Los dos hermanos consumarían su venganza aprovechando que su amigo se encontraba realizando el servicio militar y que el padre no disponía de más ayuda que de dos jóvenes adolescentes, el menor de los cuales no tenía aún catorce años:
Aquella tarde de otoño, envuelta entre nubes grises y negras, transportadas por un viento racheado y frío que apenas podía evitar que se precipitasen en forma líquida sobre la tierra, se oía en el pueblo doblar las campanas. Alguien importante, querido, había muerto la noche anterior.
Eran las seis de la tarde y todo el mundo acudía a la misa de funeral y al entierro en el Campo Santo; al menos, eso era lo que el padre de su amigo creía.
Hacía meses que había abandonado el atajo que siempre utilizaba para ir al pueblo. Era un sendero que surgía tras cruzar la carretera frente a su casa, desde el puente del arroyo que la atravesaba y que discurría al lado de éste antes de desviarse a su izquierda y entrar en la población. Por aquella parte se llegaba pronto al centro, donde estaban la Iglesia, la tienda y los bares, mas debido a lo sucedido se acostumbró a ir por la carretera, como hacían los chicos para llegar a la escuela sin tener que pasar por el pueblo. Siempre iba acompañado por uno de los más pequeños, en la creencia de que eso impediría que se metieran con él. Pero se equivocaba pensando así, como que aquella tarde de funeral todo el mundo estaría esperando el féretro a la puerta de la iglesia.
Y apostados, resguardados del viento frío y borrascoso tras los espinos centenarios nacidos al final del sendero, a la entrada del poblado junto a los tapiales "arroñados" (derrumbados) de un viejo palomar, esperaban los dos hermanos armados con sus cayadas.
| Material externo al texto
Lemma rho2_neq0 : (forall j, `|alpha j| < 1) -> forall s, rho2 s != 0.
Proof.
move=> alpha_lt1 s; apply/prodf_neq0 => j _.
by rewrite subr_eq0 gt_eqF // exprn_ilt1 ?normr_ge0.
Qed.

Lemma ipz_Phi_orth m n : m <> n -> ipz mom (Phi m) (Phi n) 0 = 0.
Proof. exact: L.2. Qed.

Lemma ipz_PhiS_rev_conj s : ipz mom (Phi s.+1) (rev_conj s (Phi s)) 0 = 0.
Proof.
rewrite rev_conj_Phi_expansion ipz_sumr big1 // => u _.
by rewrite ipz_Phi_orth ?mulr0 // => eq_Su; have := ltn_ord u; rewrite -eq_Su ltnn.
Qed.

Lemma ipz_rev_conj_PhiS s : ipz mom (rev_conj s (Phi s)) (Phi s.+1) 0 = 0.
Proof.
rewrite rev_conj_Phi_expansion ipz_suml big1 // => u _.
by rewrite ipz_Phi_orth ?mulr0 // => eq_uS; have := ltn_ord u; rewrite eq_uS ltnn.
Qed.

(* The norms of [Phi s] and of [Phi s^*] must be computed together, since
   each recursion step mixes the two. *)
Lemma ipz_Phi_rev_conj_norms s :
  ipz mom (Phi s) (Phi s) 0 = rho2 s /\
  ipz mom (rev_conj s (Phi s)) (rev_conj s (Phi s)) 0 = rho2 s.
Proof.
have ipz11 : ipz mom 1 1 0 = 1.
  rewrite (@ipz_widen _ _ _ _ _ 1 1) ?size_poly1 // !big_ord1 /ipz_term coef1 /=.
  by rewrite conjC1 !mul1r L.1.
elim: s => [|s [IHs IHs']]; first by rewrite /rho2 big_ord0 /= rev_conj1 ipz11.
set c := alpha s.
have rho2S : rho2 s.+1 = rho2 s * (1 - c * c^*) by rewrite /rho2 big_ord_recr /= normCK.
have ipz_rev_mulX : ipz mom (rev_conj s (Phi s)) ('X * Phi s) 0 = c * rho2 s.
  by rewrite mulX_Phi ipzDr ipzZr conjCK ipz_rev_conj_PhiS IHs' add0r.
have PhiS : Phi s.+1 = 'X * Phi s - c^* *: rev_conj s (Phi s) by [].
have normS : ipz mom (Phi s.+1) (Phi s.+1) 0 = rho2 s.+1.
  rewrite {2}PhiS ipzBr ipz_PhiS_rev_conj mulr0 subr0 PhiS ipzBl ipz_mulX.
  by rewrite ipz_rev_mulX IHs rho2S; ring.
split=> //; rewrite rev_conj_PhiS -/c.
have rho2c_conj : (1 - c * c^*)^* = 1 - c * c^*.
  by rewrite rmorphB rmorph1 rmorphM /= conjCK mulrC.
move: (ipz_PhiS_rev_conj s) (ipz_rev_conj_PhiS s) normS IHs'.
move: (Phi s.+1) (rev_conj s (Phi s)) => G A GA AG GG AA.
by rewrite !ipzBl !ipzBr !ipzZl !ipzZr GA AG GG AA rho2c_conj rho2S; ring.
Qed.

Lemma ipz_Phi_norm s : ipz mom (Phi s) (Phi s) 0 = rho2 s.
Proof. exact: (ipz_Phi_rev_conj_norms s).1. Qed.

Lemma gmu_gmoment (alpha_lt1 : forall j, `|alpha j| < 1) n r t :
  gmu alpha mom n%:Z r t = gmoment alpha (beta alpha) n r t.
Proof.
rewrite /gmu /ip -(add0r n%:Z) -ipz_mulXnr.
have lt_nr : (n + r < (maxn (n + r) t).+1)%N by rewrite ltnS leq_maxl.
have lt_t : (t < (maxn (n + r) t).+1)%N by rewrite ltnS leq_maxr.
rewrite (mulXn_Phi_expansion alpha lt_nr) ipz_sumr (bigD1 (Ordinal lt_t)) //=.
rewrite big1 ?addr0 => [|u ne_ut]; first by rewrite conjCK ipz_Phi_norm mulfK ?rho2_neq0.
by rewrite ipz_Phi_orth ?mulr0 // => eq_tu; move: ne_ut; rewrite -val_eqE /= -eq_tu eqxx.
Qed.

End OrthogonalityRelations.

Section Hermitian.
Variables (C : numClosedFieldType) (alpha : nat -> C).

Lemma OPUC_mom_succ mom : is_OPUC_functional alpha mom -> forall K : nat,
  mom K.+1%:Z = - \sum_(i < K.+1) (Phi alpha K.+1)`_i * mom i%:Z.
Proof.
move=> L K; have : ip mom (Phi alpha K.+1) (Phi alpha 0) = 0 by apply: L.2.
rewrite /ip (@ipz_widen _ _ _ _ _ K.+2 1) ?size_Phi ?size_poly1 //.
have := coef_Phi_deg alpha K.+1; move: (Phi alpha K.+1) => P P_deg.
under eq_bigr do rewrite big_ord1 /ipz_term coef1 /= conjC1 mulr1 !subr0.
by rewrite big_ord_recr /= P_deg mul1r addrC => /eqP; rewrite addr_eq0 => /eqP.
Qed.

Lemma OPUC_functional_conj mom : is_OPUC_functional alpha mom ->
  is_OPUC_functional alpha (fun k => (mom (- k))^*).
Proof.
move=> L; split=> [|m n ne_mn]; first by rewrite oppr0 L.1 conjC1.
by rewrite /ip ipz_conj oppr0 -/(ip _ _ _) L.2 ?conjC0 // => /esym.
Qed.

Lemma OPUC_mom_uniq mom1 mom2 :
  is_OPUC_functional alpha mom1 -> is_OPUC_functional alpha mom2 ->
  forall K : nat, mom1 K%:Z = mom2 K%:Z.
Proof.
move=> L1 L2; elim/ltn_ind => -[|K] IHK; first by rewrite L1.1 L2.1.
rewrite (OPUC_mom_succ L1) (OPUC_mom_succ L2); congr (- _).
by apply: eq_bigr => i _; rewrite IHK.
Qed.

Variable mom : int -> C.
Hypothesis L : is_OPUC_functional alpha mom.

Lemma OPUC_momN k : mom (- k) = (mom k)^*.
Proof.
have momN_nat (K : nat) : (mom (- K%:Z))^* = mom K%:Z.
  exact: OPUC_mom_uniq (OPUC_functional_conj L) L K.
case: k => K; first by rewrite -momN_nat conjCK.
by rewrite NegzE opprK momN_nat.
Qed.

Lemma ipzN f g n : ipz mom f g (- n) = (ipz mom g f n)^*.
Proof.
rewrite -[n in RHS]opprK -ipz_conj /ipz; apply: eq_bigr => i _; apply: eq_bigr => j _.
by rewrite OPUC_momN conjCK opprK.
Qed.

Lemma gmuN (alpha_lt1 : forall j, `|alpha j| < 1) n r s :
  gmu alpha mom (- n) r s = (gmu alpha mom n s r)^* * (rho2 alpha r / rho2 alpha s).
Proof.
rewrite /gmu ipzN /ip !ipz_Phi_norm // rmorphM /= fmorphV /= rho2_conj.
by rewrite mulrA mulfVK ?rho2_neq0.
Qed.

Lemma muN (alpha_lt1 : forall j, `|alpha j| < 1) n :
  mu alpha mom (- n) = (mu alpha mom n)^*.
Proof. by rewrite /mu gmuN // /rho2 !big_ord0 divr1 mulr1. Qed.

End Hermitian.

Section SplitVariables.
Variables (R : nzRingType) (k : nat).

Definition mvar_l (j : nat) : {mpoly R[k + k]} :=
  if insub j is Some i then 'X_(lshift k i) else 0.

Definition mvar_r (j : nat) : {mpoly R[k + k]} :=
  if insub j is Some i then 'X_(rshift k i) else 0.

Variables (S : comNzRingType) (f : {rmorphism R -> S}) (v : 'I_(k + k) -> S).

Lemma mmap_mvar_l j (lt_jk : (j < k)%N) : mmap f v (mvar_l j) = v (lshift k (Ordinal lt_jk)).
Proof. by rewrite /mvar_l insubT mmapX mmap1U. Qed.

Lemma mmap_mvar_r j (lt_jk : (j < k)%N) : mmap f v (mvar_r j) = v (rshift k (Ordinal lt_jk)).
Proof. by rewrite /mvar_r insubT mmapX mmap1U. Qed.

End SplitVariables.
Arguments mvar_l {R k} j.
Arguments mvar_r {R k} j.

Lemma nneg_mvar_l (R : numDomainType) k j : nneg_mpoly (@mvar_l R k j).
Proof. by rewrite /mvar_l; case: insub => [i|]; [exact: nneg_mpolyX | exact: nneg_mpoly0]. Qed.

Lemma nneg_mvar_r (R : numDomainType) k j : nneg_mpoly (@mvar_r R k j).
Proof. by rewrite /mvar_r; case: insub => [i|]; [exact: nneg_mpolyX | exact: nneg_mpoly0]. Qed.

Section Valuations.
Variables (C : numClosedFieldType) (alpha : nat -> C) (k : nat) (i : 'I_k).

Lemma val_ac_lshift : val_ac alpha k (lshift k i) = alpha i.
Proof. by rewrite /val_ac (unsplitK (inl _ i)). Qed.

Lemma val_ac_rshift : val_ac alpha k (rshift k i) = (alpha i)^*.
Proof. by rewrite /val_ac (unsplitK (inr _ i)). Qed.

Lemma val_ab_lshift : val_ab alpha k (lshift k i) = alpha i.
Proof. by rewrite /val_ab (unsplitK (inl _ i)). Qed.

Lemma val_ab_rshift : val_ab alpha k (rshift k i) = - (alpha i)^*.
Proof. by rewrite /val_ab (unsplitK (inr _ i)). Qed.

End Valuations.

Lemma gmu_zeval (C : numClosedFieldType) k (v : 'I_k -> C) (a b : nat -> {mpoly int[k]})
    (alpha : nat -> C) (mom : int -> C) n r s :
  (forall j, `|alpha j| < 1) -> is_OPUC_functional alpha mom ->
  (forall j, (j < n + r)%N -> zeval v (a j) = alpha j /\ zeval v (b j) = beta alpha j) ->
  gmu alpha mom n%:Z r s = zeval v (gmoment a b n r s).
Proof.
move=> alpha_lt1 L ab_v; rewrite gmu_gmoment // /zeval rmorph_gmoment.
by apply: eq_gmoment => j /ab_v [a_v b_v]; rewrite /= -a_v -b_v.
Qed.

Theorem theorem3p2 (C : numClosedFieldType) :
  (* integrality: a polynomial with integer coefficients in alpha_j, conj alpha_j, j < n + r *)
  (forall n r s : nat, exists P : {mpoly int[((n + r) + (n + r))%N]},
     forall (alpha : nat -> C) (mom : int -> C),
       (forall j, `|alpha j| < 1) -> is_OPUC_functional alpha mom ->
       gmu alpha mom n%:Z r s = zeval (val_ac alpha (n + r)%N) P) /\
  (* positivity: a polynomial in alpha_j, beta_j = - conj alpha_j with
     nonnegative (i.e. all nonzero coefficients positive) integer coefficients *)
  (forall n r s : nat, exists (k : nat) (Q : {mpoly int[(k + k)%N]}),
     (forall m, 0 <= Q@_m) /\
     forall (alpha : nat -> C) (mom : int -> C),
       (forall j, `|alpha j| < 1) -> is_OPUC_functional alpha mom ->
       gmu alpha mom n%:Z r s = zeval (val_ab alpha k) Q) /\
  (* reciprocity *)
  (forall (alpha : nat -> C) (mom : int -> C),
     (forall j, `|alpha j| < 1) -> is_OPUC_functional alpha mom ->
     (forall (n : int) (r s : nat),
        gmu alpha mom (- n) r s =
        (gmu alpha mom n s r)^* *
          ((\prod_(j < r) (1 - `|alpha j| ^+ 2)) / (\prod_(j < s) (1 - `|alpha j| ^+ 2)))) /\
     (forall n : int, mu alpha mom (- n) = (mu alpha mom n)^*)).
Proof.
split; [|split].
- move=> n r s; exists (gmoment mvar_l (fun j => - mvar_r j) n r s).
  move=> alpha mom alpha_lt1 L; apply: gmu_zeval => // j lt_j.
  by rewrite /zeval rmorphN /= mmap_mvar_l mmap_mvar_r val_ac_lshift val_ac_rshift.
- move=> n r s; exists (n + r)%N, (gmoment mvar_l mvar_r n r s); split.
    by apply: nneg_gmoment => j; [exact: nneg_mvar_l | exact: nneg_mvar_r].
  move=> alpha mom alpha_lt1 L; apply: gmu_zeval => // j lt_j.
  by rewrite /zeval mmap_mvar_l mmap_mvar_r val_ab_lshift val_ab_rshift.
- move=> alpha mom alpha_lt1 L.
  by split=> [n r s | n]; [exact: gmuN | exact: muN].
Qed.
Lemma tau_p_cvg_fixed_points : tau_p_cvg mu nu.
Proof.
move=> f cf; apply/cvgrPdist_le => eps eps0.
pose e := eps / 3; have e0 : 0 < e by rewrite divr_gt0.
have [d d0 fd] := compact_unif_continuous Xcpt f cf _ e0.
have [k gkD] : exists k, gamma ^+ k * D < d.
  have : gamma ^+ k * D @[k --> \oo] --> 0.
    rewrite -(mul0r D); apply: cvgMr_tmp.
    by apply: cvg_expr; rewrite gtr0_norm.
  move=> /cvgrPdist_lt /(_ _ d0) /filter_ex [k]; rewrite sub0r normrN => gkD.
  by exists k; exact: le_lt_trans (ler_norm _) gkD.
have fe : osc_le f (gamma ^+ k * D) e.
  by move=> x y xy; apply/ltW/fd; exact: le_lt_trans xy gkD.
have qub : has_ubound (range q) by exists 0 => _ [j _ <-].
have kalpha : k%:R * alpha q n @[n --> \oo] --> 0.
  by rewrite -(mulr0 k%:R) -q_sup; apply: cvgMl_tmp; exact: alpha_cvg.
near=> n.
have := iter_maxop_le_nu n k f e cf fe.
have := mu_iter_maxop_dist n k f e cf fe.
have : nu f - e - e <= C n k f by near: n; exact: iter_maxop_ge_nu.
have : - e <= k%:R * alpha q n.
  near: n; move/cvgrPdist_le: kalpha => /(_ _ e0); apply: filterS => n.
  by rewrite sub0r normrN ler_norml => /andP[].
have : k%:R * alpha q n <= 0.
  by rewrite mulr_ge0_le0 // -q_sup (alpha_le_sup q n qub).
rewrite ler_distl /e => ? ? ? /andP[? ?] ?.
by rewrite ler_distl; apply/andP; split; lra.
Unshelve. all: by end_near.
Qed.

End fixed_point_approximation.

Lemma tau_p_cvg_subseq {R : realType} {X : topologicalType}
    (u : nat -> (X -> R) -> R) (m : (X -> R) -> R) (sub : nat -> nat) :
  (forall i, (sub i < sub i.+1)%N) -> tau_p_cvg u m -> tau_p_cvg (u \o sub) m.
Proof.
move=> sub_incr um f cf.
have sub_ge i : (i <= sub i)%N.
  by elim: i => // i IH; exact: leq_ltn_trans IH (sub_incr i).
have sub_oo : sub i @[i --> \oo] --> \oo.
  move=> P [N _ NP]; exists N => // i /= Ni; apply: NP.
  exact: leq_trans Ni (sub_ge i).
exact: cvg_comp sub_oo (um f cf).
Qed.

Theorem theorem3p4 (R : realType) (X : metricType R)
  (Xcpt : compact [set: X]) (gamma : R)
  (gamma_gt0 : 0 < gamma) (gamma_lt1 : gamma < 1)
  (phi : nat -> X -> X)
  (phi_contr : forall (j : nat) (x1 x2 : X),
      mdist (phi j x1) (phi j x2) <= gamma * mdist x1 x2)
  (q : nat -> R) (q_le0 : forall j, q j <= 0)
  (q_sup : sup [set q j | j in [set: nat]] = 0)
  (nu : (X -> R) -> R) (nu_I : idem_prob nu)
  (nu_fix : eq_on_C (M_op phi q nu) nu)
  (mu : nat -> (X -> R) -> R) (mu_I : forall n, idem_prob (mu n))
  (mu_fix : forall n, eq_on_C (M_op_n phi q n (mu n)) (mu n)) :
  (forall (sub : nat -> nat) (m : (X -> R) -> R),
      (forall i, (sub i < sub i.+1)%N) ->
      idem_prob m -> tau_p_cvg (fun i => mu (sub i)) m ->
      tau_p_cvg (fun i => mu (sub i)) nu)
  /\ tau_p_cvg mu nu.
Proof.
have mu_nu : tau_p_cvg mu nu.
  have [[x0 _]|noX] := pselect (exists x : X, True).
    have [D D_bound] := mdist_ubounded Xcpt x0.
    exact: tau_p_cvg_fixed_points Xcpt gamma_gt0 gamma_lt1 phi_contr q_le0 q_sup
      nu_I nu_fix mu_I mu_fix D_bound.
  move=> f cf; have -> : f = fun _ => 0.
    by apply: funext => x; case: noX; exists x.
  rewrite (idem_prob_cst nu_I).
  under eq_fun do rewrite (idem_prob_cst (mu_I _)).
  exact: cvg_cst.
by split=> // sub m sub_incr _ _; exact: tau_p_cvg_subseq.
Qed.
(* A function quasi-norm $\rho$ over a $\sigma$-finite measure space $(\Omega,\Sigma,\mu)$ is locally dominating if and only if $\lim_{t\to0^+}\Phi[E,\rho](t)=0$ for every $E\in\Sigma$ with $\mu(E)<\infty$, where $\Phi[E,\rho](t)=\sup\{\rho(\chi_A):A\in\Sigma,\ A\subseteq E,\ \mu(A)\le t\}$.
   Context: $L_0^+(\mu)$: measurable functions $\Omega\to[0,\infty]$ modulo a.e. equality. A function quasi-norm is $\rho\colon L_0^+(\mu)\to[0,\infty]$ with (F1) $\rho(tf)=t\rho(f)$, $t\ge0$; (F2) $f\le g$ a.e. $\Rightarrow\rho(f)\le\rho(g)$; (F3) $\rho(\chi_E)<\infty$ if $\mu(E)<\infty$; (F4) for all $E$ with $\mu(E)<\infty$ and $\varepsilon>0$ there is $\delta>0$ with $\mu(A)\le\varepsilon$ whenever $A\subseteq E$ measurable and $\rho(\chi_A)\le\delta$; (F5) $\rho(f+g)\le\kappa(\rho(f)+\rho(g))$. $f\in L_0^+(\mu)$ with $\rho(f)<\infty$ is dominating if $\lim_n\rho(f_n)=0$ for every non-increasing $(f_n)$ in $L_0^+(\mu)$ with $f_1\le f$ and $\lim_nf_n=0$. $\rho$ is locally dominating if $\chi_E$ is dominating for every $E\in\Sigma$ with $\mu(E)<\infty$. *)

From HB Require Import structures.
From mathcomp Require Import all_boot all_order all_algebra.
From mathcomp Require Import all_classical all_reals all_analysis.
From mathcomp Require Import measurable_realfun.
Set Implicit Arguments. Unset Strict Implicit. Unset Printing Implicit Defensive.
Import Order.TTheory GRing.Theory Num.Theory.
Local Open Scope classical_set_scope.
Local Open Scope ring_scope.
Local Open Scope ereal_scope.

Section QuasiNorm.
Context (d : measure_display) (T : measurableType d) (R : realType)
  (mu : {measure set T -> \bar R}).

Definition L0p (f : T -> \bar R) : Prop :=
  measurable_fun setT f /\ forall x, 0 <= f x.

Definition chi (E : set T) : T -> \bar R := fun x => (\1_E x)%:E.

Definition qn_nonneg (rho : (T -> \bar R) -> \bar R) : Prop :=
  forall f, L0p f -> 0 <= rho f.

Definition qn_F1 (rho : (T -> \bar R) -> \bar R) : Prop :=
  forall f (t : R), L0p f -> (0 <= t)%R ->
    rho (fun x => t%:E * f x) = t%:E * rho f.

(* (F2) monotonicity w.r.t. a.e. order (this also gives invariance under
   a.e. equality, i.e. rho is well defined on L_0^+(mu)) *)
Definition qn_F2 (rho : (T -> \bar R) -> \bar R) : Prop :=
  forall f g, L0p f -> L0p g -> {ae mu, forall x, f x <= g x} ->
    rho f <= rho g.

Definition qn_F3 (rho : (T -> \bar R) -> \bar R) : Prop :=
  forall E, measurable E -> mu E < +oo -> (rho (chi E) < +oo).

Definition qn_F4 (rho : (T -> \bar R) -> \bar R) : Prop :=
  forall E, measurable E -> mu E < +oo -> forall eps : R, (0 < eps)%R ->
    exists delta : R, (0 < delta)%R /\
      forall A, measurable A -> A `<=` E -> rho (chi A) <= delta%:E ->
        mu A <= eps%:E.

Definition qn_F5 (rho : (T -> \bar R) -> \bar R) : Prop :=
  exists kappa : R, (1 <= kappa)%R /\
    forall f g, L0p f -> L0p g ->
      rho (fun x => f x + g x) <= kappa%:E * (rho f + rho g).

Definition function_quasi_norm (rho : (T -> \bar R) -> \bar R) : Prop :=
  [/\ qn_nonneg rho, qn_F1 rho, qn_F2 rho, qn_F3 rho & (qn_F4 rho /\ qn_F5 rho)].

Definition dominating (rho : (T -> \bar R) -> \bar R) (f : T -> \bar R) : Prop :=
  [/\ L0p f, rho f < +oo &
      forall fn : nat -> T -> \bar R,
        (forall n, L0p (fn n)) ->
        (forall n, {ae mu, forall x, fn n.+1 x <= fn n x}) ->
        {ae mu, forall x, fn 0%N x <= f x} ->
        {ae mu, forall x, (fun n => fn n x) @ \oo --> 0} ->
        (fun n => rho (fn n)) @ \oo --> 0].

Definition locally_dominating (rho : (T -> \bar R) -> \bar R) : Prop :=
  forall E, measurable E -> mu E < +oo -> dominating rho (chi E).

Definition Phi (E : set T) (rho : (T -> \bar R) -> \bar R) (t : R) : \bar R :=
  ereal_sup [set rho (chi A) | A in [set A | [/\ measurable A, A `<=` E & mu A <= t%:E]]].

End QuasiNorm.

From HB Require Import structures.
From mathcomp Require Import all_boot all_order all_algebra.
From mathcomp Require Import all_classical all_reals all_analysis.
From mathcomp Require Import measurable_realfun.
From mathcomp Require Import ring.
Import Order.TTheory GRing.Theory Num.Theory.
Local Open Scope classical_set_scope.
Local Open Scope ring_scope.
Local Open Scope ereal_scope.

(* If Phi[E, rho] tends to 0 and 0 <= f_n <= chi_E decreases to 0 a.e., then
   f_n <= e chi_E + chi_(A_n) with A_n = E ∩ {f_n > e}.  Since mu E is finite,
   a.e. convergence gives mu (A_n) -> 0, so rho (chi_(A_n)) <= Phi[E, rho](t)
   eventually, and the quasi-triangle inequality makes rho (f_n) small.
   Conversely, if the nondecreasing function Phi[E, rho] stays above some eps,
   pick A_n inside E with mu (A_n) <= 2^-(n+1) and rho (chi_(A_n)) > eps.  By
   Borel-Cantelli the tails ⋃_(k ≥ n) A_k decrease to a null set, so
   domination of chi_E forces rho of their indicators to 0, although each of
   them dominates chi_(A_n). *)

Section ereal_cvg0.
Context {R : realType} {X : Type} {F : set_system X} {FF : Filter F}.
Implicit Types f : X -> \bar R.

Lemma cvge0_lt f : f @ F --> 0 ->
  forall e : R, (0 < e)%R -> \forall x \near F, f x < e%:E.
Proof.
by move=> f0 e e0; move: (@nbhs_open_ereal_lt R 0%R (fun=> e) e0) => /f0.
Qed.

Lemma cvge0_nonneg f :
  (forall e : R, (0 < e)%R -> \forall x \near F, 0 <= f x <= e%:E) ->
  f @ F --> 0.
Proof.
move=> fe; apply/fine_cvgP; split.
  apply: filterS (fe 1%R ltr01) => x /andP[f0 f1].
  by rewrite ge0_fin_numE // (le_lt_trans f1) // ltry.
apply/cvgrPdist_le => e e0; apply: filterS (fe e e0) => x /andP[f0 fe'] /=.
rewrite sub0r normrN ger0_norm ?fine_ge0 // -lee_fin fineK //.
by rewrite ge0_fin_numE // (le_lt_trans fe') // ltry.
Qed.

End ereal_cvg0.
Arguments cvge0_lt {R X F f}.

Lemma cvge_at_right0_nondecreasingP {R : realType} (f : R -> \bar R) :
  (forall t, (0 < t)%R -> 0 <= f t) -> nondecreasing_fun f ->
  f t @[t --> 0%R^'+] --> 0 <->
  forall e : R, (0 < e)%R -> exists2 t, (0 < t)%R & f t <= e%:E.
Proof.
move=> f0 fnd; split => [f_cvg e e0|fe].
  have [t [t0 fte]] :=
    filter_ex (filterI (nbhs_right_gt 0%R) (cvge0_lt f_cvg _ e0)).
  by exists t => //; exact: ltW.
apply: cvge0_nonneg => e /fe[t0 t00 ft0].
apply: filterS2 (nbhs_right_gt 0%R) (nbhs_right_lt t00) => t t0' tt0.
by rewrite f0 //= (le_trans _ ft0) // fnd // ltW.
Qed.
No pudo defenderse, como tampoco el pequeño de trece años que lo acompañaba, a quien rompieron un brazo, aparte de muchas contusiones que le provocaron.
La paliza a palos que dieron al padre fue tal, que ingresó en el hospital en estado de coma e irreconocible, como un monstruo sangrante. Las gentes dijeron después, que sólo un temperamento y una humanidad salvaje como la suya habían obrado el milagro, pues todos lo dieron por muerto durante los largos días que tardó en salir de aquel estado, límite entre la vida y la muerte.